**EXERCISE AIM:** Only lines with the word "Import" are needed; collect each of them from the listing below.

**DATASET EXTRACT:**
* * * * *
(* The calculus $\vdash^{\mathsf{Ind}}$ is sound with respect to the standard semantics $\vDash$ (for every signature $\Sigma$ and sets $\Gamma,\Delta$ of $\Sigma$-sentences, $\Gamma\vdash^{\mathsf{Ind}}_\Sigma\Delta$ implies $\Gamma\vDash_\Sigma\Delta$), it is not complete with respect to $\vDash$, and it is compact: if $\Gamma\vdash^{\mathsf{Ind}}_\Sigma\Delta$, then there exist a finite subsignature $\iota:\Sigma_f\subseteq\Sigma$ and finite sets $\Gamma_f\subseteq\iota^{-1}(\Gamma)$, $\Delta_f\subseteq\iota^{-1}(\Delta)$ of $\Sigma_f$-sentences with $\Gamma_f\vdash^{\mathsf{Ind}}_{\Sigma_f}\Delta_f$.
   Context: Syntax. A signature $\Sigma=(S,F,L)$: sorts $S$, function symbols $F=(F_{w\to s})$, labels $L=(L_s)_{s\in S}$, pairwise disjoint. $\Sigma$-terms are ground terms over $(S,F)$. Actions of sort $s$: $\mathfrak{a}::=\lambda\ (\lambda\in L_s)\mid \mathbf{0}_s\mid\mathbf{1}_s\mid \mathfrak{a}\cup\mathfrak{a}\mid\mathfrak{a}\Rightarrow\mathfrak{a}\mid\mathfrak{a};\mathfrak{a}\mid\mathfrak{a}\triangleright\mathfrak{a}\mid\mathfrak{a}^*$. A block $X$ is a finite set of fresh first-order variables (of sorts $s$) and label variables (of sorts $s$); $\Sigma[X]$ adds them as constants of sort $s$ resp. labels in $L_s$. Sentences: $t_0=t_1$, $t_0\xrightarrow{\mathfrak{a}}t_1$, $\varphi\to\psi$, $\vee\Phi$, $\wedge\Phi$ ($\Phi$ finite sequence), $\exists X\varphi$, $\forall X\varphi$. A substitution $\theta$ for $X$ maps first-order variables of sort $s$ to $\Sigma$-terms and label variables of sort $s$ to $\Sigma$-actions of sort $s$. Standard semantics. A $\Sigma$-model $\mathfrak{A}$ is an $(S,F)$-algebra with relations $\lambda^{\mathfrak{A}}\subseteq\mathfrak{A}_s\times\mathfrak{A}_s$ ($\lambda\in L_s$). Actions denote relations: $\mathbf{0}_s\mapsto\emptyset$, $\mathbf{1}_s\mapsto$ identity, $\cup\mapsto$ union, $\mathfrak{a}_0\Rightarrow\mathfrak{a}_1\mapsto(\mathfrak{a}_0^{\mathfrak{A}})^c\cup\mathfrak{a}_1^{\mathfrak{A}}$, $;\mapsto$ composition, $\mathfrak{a}_0\triangleright\mathfrak{a}_1\mapsto(\mathfrak{a}_0^{\mathfrak{A}})^{-1};\mathfrak{a}_1^{\mathfrak{A}}$, $\mathfrak{a}^*\mapsto$ reflexive-transitive closure of $\mathfrak{a}^{\mathfrak{A}}$. $\mathfrak{A}\models t_0\xrightarrow{\mathfrak{a}}t_1$ iff $(t_0^{\mathfrak{A}},t_1^{\mathfrak{A}})\in\mathfrak{a}^{\mathfrak{A}}$, equations and connectives as usual, $\exists X$/$\forall X$ over all expansions to $\Sigma[X]$ (label variables ranging over all binary relations). $\Gamma\vDash_\Sigma\Delta$ iff no $\Sigma$-model satisfies all of $\Gamma$ and none of $\Delta$. Calculus $\vdash^{\mathsf{Ind}}$: the least family of relations $\Gamma\vdash_\Sigma\Delta$ (side sets arbitrary, united in conclusions; side sets of premises over $\Sigma[X]$ read as $\Sigma[X]$-sentences) closed under: (Atom) $\Gamma_b,\Gamma\vdash\Delta,\Delta_b$ for sets $\Gamma_b,\Delta_b$ of basic sentences (equations and $t_0\xrightarrow{\lambda}t_1$ with $\lambda$ a label symbol) related by the least relation closed under initial sequents $\varphi,\Gamma\vdash\Delta,\varphi$, reflexivity/symmetry/transitivity/congruence of $=$, and replacement of equals in $t_0\xrightarrow{\lambda}t_1$; the action rules: $t_0\xrightarrow{\mathbf{0}_s}t_1,\Gamma\vdash\Delta$; from $t_0\xrightarrow{\mathfrak{a}_i}t_1,\Gamma_i\vdash\Delta_i$ ($i=0,1$) infer $t_0\xrightarrow{\mathfrak{a}_0\cup\mathfrak{a}_1}t_1,\Gamma_0\Gamma_1\vdash\Delta_0\Delta_1$; from $\Gamma\vdash\Delta,t_0\xrightarrow{\mathfrak{a}_i}t_1$ infer $\Gamma\vdash\Delta,t_0\xrightarrow{\mathfrak{a}_0\cup\mathfrak{a}_1}t_1$; from $\Gamma_0\vdash\Delta_0,t_0\xrightarrow{\mathfrak{a}_0}t_1$ and $t_0\xrightarrow{\mathfrak{a}_1}t_1,\Gamma_1\vdash\Delta_1$ infer $t_0\xrightarrow{\mathfrak{a}_0\Rightarrow\mathfrak{a}_1}t_1,\Gamma_0\Gamma_1\vdash\Delta_0\Delta_1$; from $t_0\xrightarrow{\mathfrak{a}_0}t_1,\Gamma\vdash\Delta,t_0\xrightarrow{\mathfrak{a}_1}t_1$ infer $\Gamma\vdash\Delta,t_0\xrightarrow{\mathfrak{a}_0\Rightarrow\mathfrak{a}_1}t_1$; $\mathbf{1}_s$-rules replacing $t_0=t_1$ by $t_0\xrightarrow{\mathbf{1}_s}t_1$ on either side; from $t_0\xrightarrow{\mathfrak{a}_0}x,x\xrightarrow{\mathfrak{a}_1}t_1,\Gamma\vdash_{\Sigma[x]}\Delta$ ($x$ fresh) infer $t_0\xrightarrow{\mathfrak{a}_0;\mathfrak{a}_1}t_1,\Gamma\vdash_\Sigma\Delta$; from $\Gamma\vdash\Delta,t_0\xrightarrow{\mathfrak{a}_0}t$ and $\Gamma'\vdash\Delta',t\xrightarrow{\mathfrak{a}_1}t_1$ infer $\Gamma\Gamma'\vdash\Delta\Delta',t_0\xrightarrow{\mathfrak{a}_0;\mathfrak{a}_1}t_1$; from $x\xrightarrow{\mathfrak{a}_0}t_0,x\xrightarrow{\mathfrak{a}_1}t_1,\Gamma\vdash_{\Sigma[x]}\Delta$ infer $t_0\xrightarrow{\mathfrak{a}_0\triangleright\mathfrak{a}_1}t_1,\Gamma\vdash_\Sigma\Delta$; from $\Gamma\vdash\Delta,t\xrightarrow{\mathfrak{a}_0}t_0$ and $\Gamma'\vdash\Delta',t\xrightarrow{\mathfrak{a}_1}t_1$ infer $\Gamma\Gamma'\vdash\Delta\Delta',t_0\xrightarrow{\mathfrak{a}_0\triangleright\mathfrak{a}_1}t_1$; the standard classical left/right rules for $\to$, $\vee\Phi$, $\wedge\Phi$ (with united side sets), $\exists_L$ and $\forall_R$ with a fresh block (premise over $\Sigma[X]$), $\exists_R$ and $\forall_L$ with substitution instances $\theta(\varphi)$; and the star rules: $t_0\xrightarrow{\mathfrak{a}^*}t_1,\Gamma\vdash\Delta,t_0\xrightarrow{\mathfrak{a}^*}t_1$; cut on sentences $t_0\xrightarrow{\mathfrak{a}^*}t_1$; from $\Gamma\vdash\Delta,t_0=t_1$ infer $\Gamma\vdash\Delta,t_0\xrightarrow{\mathfrak{a}^*}t_1$; from $\Gamma\vdash\Delta,t_0\xrightarrow{\mathfrak{a}^*}t$ and $\Gamma'\vdash\Delta',t\xrightarrow{\mathfrak{a}}t_1$, or from $\Gamma\vdash\Delta,t_0\xrightarrow{\mathfrak{a}}t$ and $\Gamma'\vdash\Delta',t\xrightarrow{\mathfrak{a}^*}t_1$, infer $\Gamma\Gamma'\vdash\Delta\Delta',t_0\xrightarrow{\mathfrak{a}^*}t_1$; for a term $t$, action $\mathfrak{t}$, fresh $X=\{x,y,z\}$: from $\Gamma_L\vdash\Delta_L,t\xrightarrow{\mathfrak{t}}t_0$, $z\xrightarrow{\mathfrak{t}}x,x\xrightarrow{\mathfrak{a}}y,\Gamma_M\vdash_{\Sigma[X]}\Delta_M,z\xrightarrow{\mathfrak{t}}y$, $t\xrightarrow{\mathfrak{t}}t_1,\Gamma_R\vdash\Delta_R$ infer $t_0\xrightarrow{\mathfrak{a}^*}t_1,\Gamma_L\Gamma_M\Gamma_R\vdash\Delta_L\Delta_M\Delta_R$; and from $\Gamma_L\vdash\Delta_L,t_1\xrightarrow{\mathfrak{t}}t$, $x\xrightarrow{\mathfrak{a}}y,y\xrightarrow{\mathfrak{t}}z,\Gamma_M\vdash_{\Sigma[X]}\Delta_M,x\xrightarrow{\mathfrak{t}}z$, $t_0\xrightarrow{\mathfrak{t}}t,\Gamma_R\vdash\Delta_R$ infer the same conclusion. *)

From Stdlib Require Import List Relations.
Import ListNotations.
* * * * *
**RESPONSE AREA:**
From Stdlib Require Import List Relations.
Import ListNotations.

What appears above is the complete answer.